Highlights & Insights¶
- Ingenious Application of SAM3 Concept Prompts: Replacing geometric prompts with textual semantic descriptions avoids the dependence of point/box prompts on shape priors, achieving significantly better cross-institution generalization than point/box prompting schemes.
- Elegant Design of Confidence-Aware Regularization: A counter-intuitive design of uncertainty weighting—applying stronger supervision on more uncertain regions to push the model to improve on its weak spots, rather than simply ignoring uncertain areas.
- Dual-Stream Optical Flow Consistency: Bidirectional (forward + backward) flow mitigates confirmation bias in unidirectional flow, with motion consistency and flow coherence ensuring pixel alignment and foreground/background distinction respectively.
- Strong Performance with Minimal Annotations: Achieves SOTA performance with only 16 labeled videos (having only 1-2 frames annotated per video).
- Cross-Domain Generalization on CADICA: Qualitatively demonstrates robust cross-domain segmentation capabilities on an unlabeled, third-party dataset.
- Open-Source Code: The full code is released, ensuring high reproducibility.
Limitations & Future Work¶
- The teacher model is frozen (not updated) during semi-supervised training, preventing continuous improvement of pseudo-label quality from unlabeled data.
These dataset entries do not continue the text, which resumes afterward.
(* The theory $T=\mathrm{Th}(\mathbb{U})$ has the independence property if and only if there are a tuple of variables $x$ and a finite set $\Delta$ of formulas of $\mathcal{L}(\mathbb{U})$ such that $\mathrm{opD}(\{x=x\},\Delta)=\omega$.
   Context: $T$ complete, monster model $\mathbb{U}$. $\phi^1=\phi$, $\phi^0=\neg\phi$. For $0<n<\omega$, a partial type $\pi(x)$ and finite set $\Delta$ of partitioned formulas $\phi(x,y)$ of $\mathcal{L}(\mathbb{U})$: $\mathrm{opR}_n(\pi,\Delta)\ge0$ if $\pi$ consistent; limits as usual; $\mathrm{opR}_n(\pi,\Delta)\ge\alpha+1$ iff there are instances $\phi_0(x,a_0),\dots,\phi_{n-1}(x,a_{n-1})$ from $\Delta$ with $\mathrm{opR}_n(\pi\cup\{\bigwedge_{i<n}\phi_i(x,a_i)^{\sigma(i)}\},\Delta)\ge\alpha$ for all $\sigma\in 2^n$; $\infty$ means $\ge$ all ordinals. The localized op-dimension is $\mathrm{opD}(\pi,\Delta)=\sup\{0<n<\omega:\mathrm{opR}_n(\pi,\Delta)=\infty\}\le\omega$. A formula $\phi(x,y)$ has the independence property if for every $N$ there is $B\subseteq\mathbb{U}^y$, $|B|=N$, such that all $2^N$ combinations $\{\phi(x,b)^{t_b}:b\in B\}$ are consistent; $T$ has the independence property if some formula does. *)

From Stdlib Require Import Arith List Classical ClassicalEpsilon.
From Stdlib Require Fin.
Import ListNotations.
Set Implicit Arguments.

Record signature := {
  fsym : Type; rsym : Type;
  farity : fsym -> nat; rarity : rsym -> nat }.

Record structure (L : signature) := {
  dom :> Type;
  fint : forall f : fsym L, (Fin.t (farity L f) -> dom) -> dom;
  rint : forall r : rsym L, (Fin.t (rarity L r) -> dom) -> Prop }.

Section Syntax.
Variable L : signature.
Variable M : Type.  (* parameters: formulas of L(M) *)

Inductive term :=
| tvar (i : nat)
| tpar (m : M)
| tapp (f : fsym L) (args : Fin.t (farity L f) -> term).

Inductive form :=
| fTop
| fEq (t1 t2 : term)
| fRel (r : rsym L) (args : Fin.t (rarity L r) -> term)
| fNeg (phi : form)
| fAnd (phi psi : form)
| fEx (i : nat) (phi : form).

Fixpoint tfree_in (B : nat -> Prop) (t : term) : Prop :=
  match t with
  | tvar i => B i
  | tpar _ => True
  | tapp f args => forall j, tfree_in B (args j)
  end.

Fixpoint ffree_in (B : nat -> Prop) (phi : form) : Prop :=
  match phi with
  | fTop => True
  | fEq t1 t2 => tfree_in B t1 /\ tfree_in B t2
  | fRel r args => forall j, tfree_in B (args j)
  | fNeg p => ffree_in B p
  | fAnd p q => ffree_in B p /\ ffree_in B q
  | fEx i p => ffree_in (fun j => j = i \/ B j) p
  end.

Fixpoint tparams_in (P : M -> Prop) (t : term) : Prop :=
  match t with
  | tvar _ => True
  | tpar m => P m
  | tapp f args => forall j, tparams_in P (args j)
  end.

Fixpoint fparams_in (P : M -> Prop) (phi : form) : Prop :=
  match phi with
  | fTop => True
  | fEq t1 t2 => tparams_in P t1 /\ tparams_in P t2
  | fRel r args => forall j, tparams_in P (args j)
  | fNeg p => fparams_in P p
  | fAnd p q => fparams_in P p /\ fparams_in P q
  | fEx _ p => fparams_in P p
  end.

Definition fnopar (phi : form) : Prop := fparams_in (fun _ => False) phi.

Fixpoint tsubst (s : nat -> option M) (t : term) : term :=
  match t with
  | tvar i => match s i with Some m => tpar m | None => tvar i end
  | tpar m => tpar m
  | tapp f args => tapp f (fun j => tsubst s (args j))
  end.

Fixpoint fsubst (s : nat -> option M) (phi : form) : form :=
  match phi with
  | fTop => fTop
  | fEq t1 t2 => fEq (tsubst s t1) (tsubst s t2)
  | fRel r args => fRel r (fun j => tsubst s (args j))
  | fNeg p => fNeg (fsubst s p)
  | fAnd p q => fAnd (fsubst s p) (fsubst s q)
  | fEx i p => fEx i (fsubst (fun j => if Nat.eqb j i then None else s j) p)
  end.

Fixpoint conj_list (l : list form) : form :=
  match l with [] => fTop | p :: l' => fAnd p (conj_list l') end.

Definition signed (b : bool) (phi : form) : form := if b then phi else fNeg phi.

End Syntax.

Arguments tvar {L M}.
Arguments tpar {L M}.
Arguments fTop {L M}.

Section Semantics.
Variable L : signature.
Variable M : structure L.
This potentially sacrifices further performance gains compared to schemes using updatable teachers.
- Optical flow estimation relies on pre-trained SEA-RAFT. The quality of the optical flow directly affects the effectiveness of temporal consistency, and no sensitivity analysis was conducted on optical flow accuracy.
- Validated only on coronary angiography scenarios without extending to other medical video segmentation tasks (such as endoscopy or ultrasound videos).
- Only qualitative visualization is performed on the CADICA dataset without quantitative metrics; hence, the statistical significance of cross-domain generalization remains unknown.
- Inference speed and model size are not reported; SAM3 as a foundation model incurs a relatively large computational overhead.
- Training is conducted for only 6k iterations with a batch size of 4, reflecting a small scale, and performance when scaled to larger data remains unknown.
- Dual-stream temporal consistency assumes that the vessel topology remains invariant in XCA videos, which might not hold true in longer sequences.
Rating¶
- Novelty: 4/5 — The combination of SAM3 concept prompts, uncertainty awareness, and dual-stream optical flow is novel and practical.
- Experimental Thoroughness: 4/5 — Evaluated on three datasets with detailed ablation studies and comparisons against multiple baselines, yielding highly convincing results.
- Writing Quality: 3/5 — Generally clear, but some mathematical symbols are inconsistent; open-sourced code provides extra credit.
- Value: 4/5 — Strong performance under extremely limited annotations holds practical significance for clinical deployment.